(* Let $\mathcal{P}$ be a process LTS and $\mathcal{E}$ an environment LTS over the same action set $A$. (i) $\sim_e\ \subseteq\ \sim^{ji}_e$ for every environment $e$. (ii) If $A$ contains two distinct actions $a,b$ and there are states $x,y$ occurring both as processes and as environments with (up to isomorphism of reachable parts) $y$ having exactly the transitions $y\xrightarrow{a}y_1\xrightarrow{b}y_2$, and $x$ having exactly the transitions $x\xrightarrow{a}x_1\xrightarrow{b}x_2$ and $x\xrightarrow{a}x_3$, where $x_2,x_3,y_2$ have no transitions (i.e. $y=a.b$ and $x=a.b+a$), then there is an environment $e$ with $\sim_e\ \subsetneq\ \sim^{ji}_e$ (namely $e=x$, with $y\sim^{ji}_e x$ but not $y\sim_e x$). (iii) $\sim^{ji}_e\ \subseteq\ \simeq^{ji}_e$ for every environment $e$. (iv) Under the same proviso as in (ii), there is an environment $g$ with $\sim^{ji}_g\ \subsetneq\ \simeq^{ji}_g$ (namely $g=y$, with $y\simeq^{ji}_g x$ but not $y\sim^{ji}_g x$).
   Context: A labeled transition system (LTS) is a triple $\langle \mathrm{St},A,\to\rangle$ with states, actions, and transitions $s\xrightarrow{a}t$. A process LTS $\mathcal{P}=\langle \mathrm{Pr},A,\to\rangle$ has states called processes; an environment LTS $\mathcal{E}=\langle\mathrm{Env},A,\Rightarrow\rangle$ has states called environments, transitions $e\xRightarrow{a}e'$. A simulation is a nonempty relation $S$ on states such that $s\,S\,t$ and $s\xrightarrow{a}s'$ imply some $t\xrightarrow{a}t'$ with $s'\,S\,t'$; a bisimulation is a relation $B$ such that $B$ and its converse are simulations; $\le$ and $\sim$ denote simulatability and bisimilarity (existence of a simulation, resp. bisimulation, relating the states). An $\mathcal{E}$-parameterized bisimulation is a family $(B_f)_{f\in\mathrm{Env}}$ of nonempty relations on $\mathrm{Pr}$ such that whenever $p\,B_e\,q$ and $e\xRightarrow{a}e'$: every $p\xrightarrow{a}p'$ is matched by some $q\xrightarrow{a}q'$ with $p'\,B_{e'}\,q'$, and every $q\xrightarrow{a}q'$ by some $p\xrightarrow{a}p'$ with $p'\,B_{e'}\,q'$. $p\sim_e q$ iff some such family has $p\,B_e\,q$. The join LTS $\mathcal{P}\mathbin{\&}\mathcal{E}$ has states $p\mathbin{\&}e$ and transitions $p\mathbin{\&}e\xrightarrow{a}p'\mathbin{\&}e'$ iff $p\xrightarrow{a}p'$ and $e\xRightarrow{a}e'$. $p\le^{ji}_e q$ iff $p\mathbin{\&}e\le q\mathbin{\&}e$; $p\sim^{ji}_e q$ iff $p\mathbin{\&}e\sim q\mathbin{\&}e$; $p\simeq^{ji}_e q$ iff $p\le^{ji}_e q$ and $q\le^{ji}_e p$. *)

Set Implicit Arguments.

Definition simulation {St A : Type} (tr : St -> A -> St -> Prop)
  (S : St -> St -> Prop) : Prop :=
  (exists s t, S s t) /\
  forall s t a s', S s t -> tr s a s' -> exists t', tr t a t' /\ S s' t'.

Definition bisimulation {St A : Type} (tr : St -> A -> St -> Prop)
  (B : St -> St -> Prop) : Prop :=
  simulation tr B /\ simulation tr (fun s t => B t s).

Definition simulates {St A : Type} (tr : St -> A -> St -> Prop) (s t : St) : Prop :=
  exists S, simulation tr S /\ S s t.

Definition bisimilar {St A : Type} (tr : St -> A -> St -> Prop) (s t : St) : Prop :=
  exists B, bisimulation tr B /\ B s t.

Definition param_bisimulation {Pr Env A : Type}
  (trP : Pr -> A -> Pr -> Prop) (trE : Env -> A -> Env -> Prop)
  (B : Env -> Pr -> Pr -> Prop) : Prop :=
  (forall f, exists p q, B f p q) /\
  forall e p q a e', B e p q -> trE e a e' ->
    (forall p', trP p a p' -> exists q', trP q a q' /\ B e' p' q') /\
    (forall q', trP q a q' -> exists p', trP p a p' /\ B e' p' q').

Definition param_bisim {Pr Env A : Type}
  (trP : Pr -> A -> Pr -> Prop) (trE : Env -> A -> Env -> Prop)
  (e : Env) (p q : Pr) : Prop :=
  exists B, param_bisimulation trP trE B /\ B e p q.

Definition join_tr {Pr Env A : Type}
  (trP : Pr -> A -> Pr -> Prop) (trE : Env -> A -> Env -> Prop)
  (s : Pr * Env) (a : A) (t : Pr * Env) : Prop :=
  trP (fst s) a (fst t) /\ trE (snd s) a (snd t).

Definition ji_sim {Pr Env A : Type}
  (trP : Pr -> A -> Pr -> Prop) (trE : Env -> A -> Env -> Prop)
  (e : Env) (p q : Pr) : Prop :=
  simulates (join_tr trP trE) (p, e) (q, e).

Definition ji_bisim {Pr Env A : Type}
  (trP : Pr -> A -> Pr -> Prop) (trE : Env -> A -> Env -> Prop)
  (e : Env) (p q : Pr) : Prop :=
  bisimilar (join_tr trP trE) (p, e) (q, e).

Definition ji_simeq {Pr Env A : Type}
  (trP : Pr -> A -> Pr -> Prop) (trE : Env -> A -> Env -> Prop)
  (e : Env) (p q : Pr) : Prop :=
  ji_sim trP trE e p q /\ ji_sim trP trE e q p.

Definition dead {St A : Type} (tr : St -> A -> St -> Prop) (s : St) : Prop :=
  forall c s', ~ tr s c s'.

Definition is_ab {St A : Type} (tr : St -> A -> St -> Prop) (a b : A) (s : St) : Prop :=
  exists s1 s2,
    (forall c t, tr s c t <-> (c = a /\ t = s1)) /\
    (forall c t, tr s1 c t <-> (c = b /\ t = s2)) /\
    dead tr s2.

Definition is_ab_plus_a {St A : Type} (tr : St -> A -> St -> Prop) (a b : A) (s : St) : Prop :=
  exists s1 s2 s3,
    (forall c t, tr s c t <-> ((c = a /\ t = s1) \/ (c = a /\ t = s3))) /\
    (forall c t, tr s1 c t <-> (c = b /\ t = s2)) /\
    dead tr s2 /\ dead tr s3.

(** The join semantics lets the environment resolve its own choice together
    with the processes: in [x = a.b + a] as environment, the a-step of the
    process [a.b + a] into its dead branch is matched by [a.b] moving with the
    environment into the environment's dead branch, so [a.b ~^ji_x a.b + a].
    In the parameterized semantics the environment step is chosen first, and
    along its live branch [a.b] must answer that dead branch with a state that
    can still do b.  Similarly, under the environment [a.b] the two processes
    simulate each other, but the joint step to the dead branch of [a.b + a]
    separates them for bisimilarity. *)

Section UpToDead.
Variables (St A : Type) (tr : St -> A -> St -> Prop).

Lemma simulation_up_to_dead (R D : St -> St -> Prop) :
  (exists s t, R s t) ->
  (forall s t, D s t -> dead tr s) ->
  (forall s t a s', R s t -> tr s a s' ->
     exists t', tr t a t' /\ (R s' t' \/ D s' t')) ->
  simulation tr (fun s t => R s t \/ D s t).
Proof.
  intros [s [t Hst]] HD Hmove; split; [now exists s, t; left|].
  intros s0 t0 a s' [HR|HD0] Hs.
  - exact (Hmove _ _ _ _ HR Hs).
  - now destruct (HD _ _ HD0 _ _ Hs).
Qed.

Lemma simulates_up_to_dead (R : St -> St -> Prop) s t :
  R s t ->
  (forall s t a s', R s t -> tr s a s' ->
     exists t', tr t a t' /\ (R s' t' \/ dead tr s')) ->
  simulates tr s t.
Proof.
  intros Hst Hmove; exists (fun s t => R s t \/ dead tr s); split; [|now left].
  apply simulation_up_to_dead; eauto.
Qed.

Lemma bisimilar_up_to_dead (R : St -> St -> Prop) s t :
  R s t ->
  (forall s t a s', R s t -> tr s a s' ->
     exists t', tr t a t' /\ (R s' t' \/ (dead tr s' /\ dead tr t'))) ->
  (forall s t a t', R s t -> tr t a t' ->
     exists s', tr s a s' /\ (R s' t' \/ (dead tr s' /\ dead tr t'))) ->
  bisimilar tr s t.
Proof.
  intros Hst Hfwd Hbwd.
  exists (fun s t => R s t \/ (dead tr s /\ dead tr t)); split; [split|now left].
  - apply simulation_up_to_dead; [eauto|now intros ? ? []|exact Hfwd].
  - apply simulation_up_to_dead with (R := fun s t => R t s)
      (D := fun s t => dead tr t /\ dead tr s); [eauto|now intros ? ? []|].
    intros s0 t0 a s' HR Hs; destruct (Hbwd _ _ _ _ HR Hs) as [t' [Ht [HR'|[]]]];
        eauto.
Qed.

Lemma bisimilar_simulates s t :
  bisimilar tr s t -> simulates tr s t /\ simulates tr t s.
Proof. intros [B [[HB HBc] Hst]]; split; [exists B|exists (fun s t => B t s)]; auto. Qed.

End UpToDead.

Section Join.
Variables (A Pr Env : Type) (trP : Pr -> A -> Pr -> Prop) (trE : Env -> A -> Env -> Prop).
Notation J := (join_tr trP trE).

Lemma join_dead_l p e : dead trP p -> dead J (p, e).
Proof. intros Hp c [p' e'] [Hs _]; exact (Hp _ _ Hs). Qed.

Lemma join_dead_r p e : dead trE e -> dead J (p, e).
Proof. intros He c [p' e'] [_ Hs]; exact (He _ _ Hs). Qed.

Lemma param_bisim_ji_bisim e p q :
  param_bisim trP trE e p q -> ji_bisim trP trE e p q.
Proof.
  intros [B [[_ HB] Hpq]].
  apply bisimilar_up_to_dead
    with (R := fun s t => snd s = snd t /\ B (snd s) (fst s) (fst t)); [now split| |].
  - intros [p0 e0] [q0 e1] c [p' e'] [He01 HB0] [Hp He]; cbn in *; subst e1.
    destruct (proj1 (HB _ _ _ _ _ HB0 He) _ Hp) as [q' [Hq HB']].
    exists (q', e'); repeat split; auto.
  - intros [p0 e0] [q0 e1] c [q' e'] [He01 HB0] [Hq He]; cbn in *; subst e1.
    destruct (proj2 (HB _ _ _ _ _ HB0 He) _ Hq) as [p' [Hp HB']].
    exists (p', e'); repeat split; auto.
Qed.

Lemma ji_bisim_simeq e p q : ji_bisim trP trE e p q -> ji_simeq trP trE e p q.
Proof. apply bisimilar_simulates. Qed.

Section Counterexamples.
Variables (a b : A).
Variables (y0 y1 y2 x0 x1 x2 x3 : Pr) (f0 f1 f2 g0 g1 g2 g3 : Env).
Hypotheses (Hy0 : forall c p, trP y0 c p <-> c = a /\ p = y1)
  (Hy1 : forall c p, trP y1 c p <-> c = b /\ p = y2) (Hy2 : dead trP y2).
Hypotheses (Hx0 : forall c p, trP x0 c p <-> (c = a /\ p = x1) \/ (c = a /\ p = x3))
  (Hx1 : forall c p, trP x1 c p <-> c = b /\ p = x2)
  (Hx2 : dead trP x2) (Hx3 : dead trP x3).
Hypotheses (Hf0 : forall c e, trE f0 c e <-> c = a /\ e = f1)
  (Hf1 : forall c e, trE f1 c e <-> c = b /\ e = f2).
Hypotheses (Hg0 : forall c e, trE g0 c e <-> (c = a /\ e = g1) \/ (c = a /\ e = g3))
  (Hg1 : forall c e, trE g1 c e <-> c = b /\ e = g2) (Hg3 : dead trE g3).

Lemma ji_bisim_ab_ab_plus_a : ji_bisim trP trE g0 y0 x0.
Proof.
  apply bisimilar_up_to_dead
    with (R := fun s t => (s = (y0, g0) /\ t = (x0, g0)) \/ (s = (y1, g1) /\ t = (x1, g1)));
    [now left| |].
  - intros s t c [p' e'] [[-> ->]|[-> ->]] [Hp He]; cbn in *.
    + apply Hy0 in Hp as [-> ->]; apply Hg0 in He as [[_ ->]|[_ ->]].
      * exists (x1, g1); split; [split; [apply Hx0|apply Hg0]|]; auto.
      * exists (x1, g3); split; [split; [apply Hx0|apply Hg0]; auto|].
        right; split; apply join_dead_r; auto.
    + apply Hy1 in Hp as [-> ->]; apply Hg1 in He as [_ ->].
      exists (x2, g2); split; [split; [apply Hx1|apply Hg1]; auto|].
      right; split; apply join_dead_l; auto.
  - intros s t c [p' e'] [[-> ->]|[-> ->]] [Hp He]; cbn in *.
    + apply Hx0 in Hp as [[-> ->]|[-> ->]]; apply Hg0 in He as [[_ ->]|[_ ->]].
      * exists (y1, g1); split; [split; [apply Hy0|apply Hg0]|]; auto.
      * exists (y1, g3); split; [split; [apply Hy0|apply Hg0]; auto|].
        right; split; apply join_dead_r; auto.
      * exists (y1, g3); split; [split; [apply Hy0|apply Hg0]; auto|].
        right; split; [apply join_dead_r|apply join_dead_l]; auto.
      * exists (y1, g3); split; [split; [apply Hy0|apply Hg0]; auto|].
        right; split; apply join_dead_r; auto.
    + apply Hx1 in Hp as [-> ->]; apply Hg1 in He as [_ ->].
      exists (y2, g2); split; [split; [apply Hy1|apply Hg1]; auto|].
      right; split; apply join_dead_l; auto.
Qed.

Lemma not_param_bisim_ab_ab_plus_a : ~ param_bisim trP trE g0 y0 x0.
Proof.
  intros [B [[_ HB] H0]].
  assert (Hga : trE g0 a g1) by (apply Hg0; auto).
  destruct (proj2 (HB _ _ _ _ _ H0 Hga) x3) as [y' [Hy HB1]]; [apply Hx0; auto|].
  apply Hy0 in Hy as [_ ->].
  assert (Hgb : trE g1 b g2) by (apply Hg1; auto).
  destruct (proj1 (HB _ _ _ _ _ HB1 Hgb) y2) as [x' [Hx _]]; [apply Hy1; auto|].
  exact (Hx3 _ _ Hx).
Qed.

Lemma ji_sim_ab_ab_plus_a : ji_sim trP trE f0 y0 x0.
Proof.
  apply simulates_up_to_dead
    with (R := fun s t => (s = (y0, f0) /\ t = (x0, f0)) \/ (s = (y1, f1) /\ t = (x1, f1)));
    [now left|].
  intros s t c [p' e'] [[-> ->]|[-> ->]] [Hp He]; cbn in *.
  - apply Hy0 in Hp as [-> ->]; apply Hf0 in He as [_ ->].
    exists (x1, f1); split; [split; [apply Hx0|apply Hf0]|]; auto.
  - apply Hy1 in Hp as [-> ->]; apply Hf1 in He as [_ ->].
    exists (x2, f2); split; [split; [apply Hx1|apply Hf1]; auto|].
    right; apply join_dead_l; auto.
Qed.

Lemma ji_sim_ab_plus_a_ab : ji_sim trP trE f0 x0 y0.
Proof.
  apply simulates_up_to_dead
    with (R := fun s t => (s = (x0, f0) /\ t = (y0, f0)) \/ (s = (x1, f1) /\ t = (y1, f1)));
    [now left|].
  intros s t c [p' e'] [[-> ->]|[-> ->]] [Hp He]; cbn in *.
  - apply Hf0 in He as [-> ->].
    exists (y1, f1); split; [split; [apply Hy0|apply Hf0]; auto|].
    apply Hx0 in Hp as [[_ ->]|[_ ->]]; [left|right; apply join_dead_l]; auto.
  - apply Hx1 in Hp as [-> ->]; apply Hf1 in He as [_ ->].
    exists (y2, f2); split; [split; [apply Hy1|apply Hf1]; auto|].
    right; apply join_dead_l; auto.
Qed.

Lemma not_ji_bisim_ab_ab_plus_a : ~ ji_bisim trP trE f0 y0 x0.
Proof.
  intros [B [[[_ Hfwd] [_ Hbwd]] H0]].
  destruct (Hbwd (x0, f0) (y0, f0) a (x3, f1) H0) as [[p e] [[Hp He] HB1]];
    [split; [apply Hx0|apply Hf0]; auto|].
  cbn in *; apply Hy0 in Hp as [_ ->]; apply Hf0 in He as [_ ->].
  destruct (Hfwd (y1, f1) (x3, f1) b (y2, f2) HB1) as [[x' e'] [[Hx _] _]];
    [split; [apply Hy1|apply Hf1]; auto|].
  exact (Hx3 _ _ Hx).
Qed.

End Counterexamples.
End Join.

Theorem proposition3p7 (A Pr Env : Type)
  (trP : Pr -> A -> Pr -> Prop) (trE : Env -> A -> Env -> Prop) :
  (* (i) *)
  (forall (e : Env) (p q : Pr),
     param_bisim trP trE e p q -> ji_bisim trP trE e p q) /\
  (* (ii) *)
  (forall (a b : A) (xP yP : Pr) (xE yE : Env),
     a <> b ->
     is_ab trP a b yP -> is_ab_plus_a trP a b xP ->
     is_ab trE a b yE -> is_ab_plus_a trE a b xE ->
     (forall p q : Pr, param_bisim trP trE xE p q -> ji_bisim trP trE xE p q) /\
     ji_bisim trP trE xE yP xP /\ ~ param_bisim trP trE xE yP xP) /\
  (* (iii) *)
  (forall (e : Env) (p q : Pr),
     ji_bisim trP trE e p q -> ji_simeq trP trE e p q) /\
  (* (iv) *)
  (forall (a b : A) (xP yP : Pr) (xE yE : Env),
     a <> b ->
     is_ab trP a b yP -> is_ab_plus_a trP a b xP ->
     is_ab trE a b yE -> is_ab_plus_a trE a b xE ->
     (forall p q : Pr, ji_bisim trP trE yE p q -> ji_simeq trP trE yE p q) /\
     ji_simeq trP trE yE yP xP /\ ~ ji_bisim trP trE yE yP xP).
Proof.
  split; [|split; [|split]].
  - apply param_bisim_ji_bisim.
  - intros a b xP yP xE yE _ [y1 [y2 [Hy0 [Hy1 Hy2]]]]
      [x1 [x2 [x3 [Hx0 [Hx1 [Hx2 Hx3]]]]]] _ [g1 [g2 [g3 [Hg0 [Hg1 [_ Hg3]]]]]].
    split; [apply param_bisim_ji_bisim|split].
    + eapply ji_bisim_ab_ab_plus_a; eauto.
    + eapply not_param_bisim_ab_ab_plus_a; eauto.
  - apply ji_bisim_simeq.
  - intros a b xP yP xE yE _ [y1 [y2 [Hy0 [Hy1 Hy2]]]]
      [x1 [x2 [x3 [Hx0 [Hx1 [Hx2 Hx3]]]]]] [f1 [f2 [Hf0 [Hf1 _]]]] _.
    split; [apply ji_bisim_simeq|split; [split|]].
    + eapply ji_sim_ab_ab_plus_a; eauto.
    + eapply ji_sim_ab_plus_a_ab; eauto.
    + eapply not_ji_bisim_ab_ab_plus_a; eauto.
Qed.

------------------------

* _What you should do_: Reproduce exactly the lines above from the line with "exists (p', e'); repeat split; auto." to the line with "Hypotheses (Hx0 : forall", including both, and add nothing.

* _Exercise response_:
    exists (p', e'); repeat split; auto.
Qed.

Lemma ji_bisim_simeq e p q : ji_bisim trP trE e p q -> ji_simeq trP trE e p q.
Proof. apply bisimilar_simulates. Qed.

Section Counterexamples.
Variables (a b : A).
Variables (y0 y1 y2 x0 x1 x2 x3 : Pr) (f0 f1 f2 g0 g1 g2 g3 : Env).
Hypotheses (Hy0 : forall c p, trP y0 c p <-> c = a /\ p = y1)
  (Hy1 : forall c p, trP y1 c p <-> c = b /\ p = y2) (Hy2 : dead trP y2).
Hypotheses (Hx0 : forall c p, trP x0 c p <-> (c = a /\ p = x1) \/ (c = a /\ p = x3))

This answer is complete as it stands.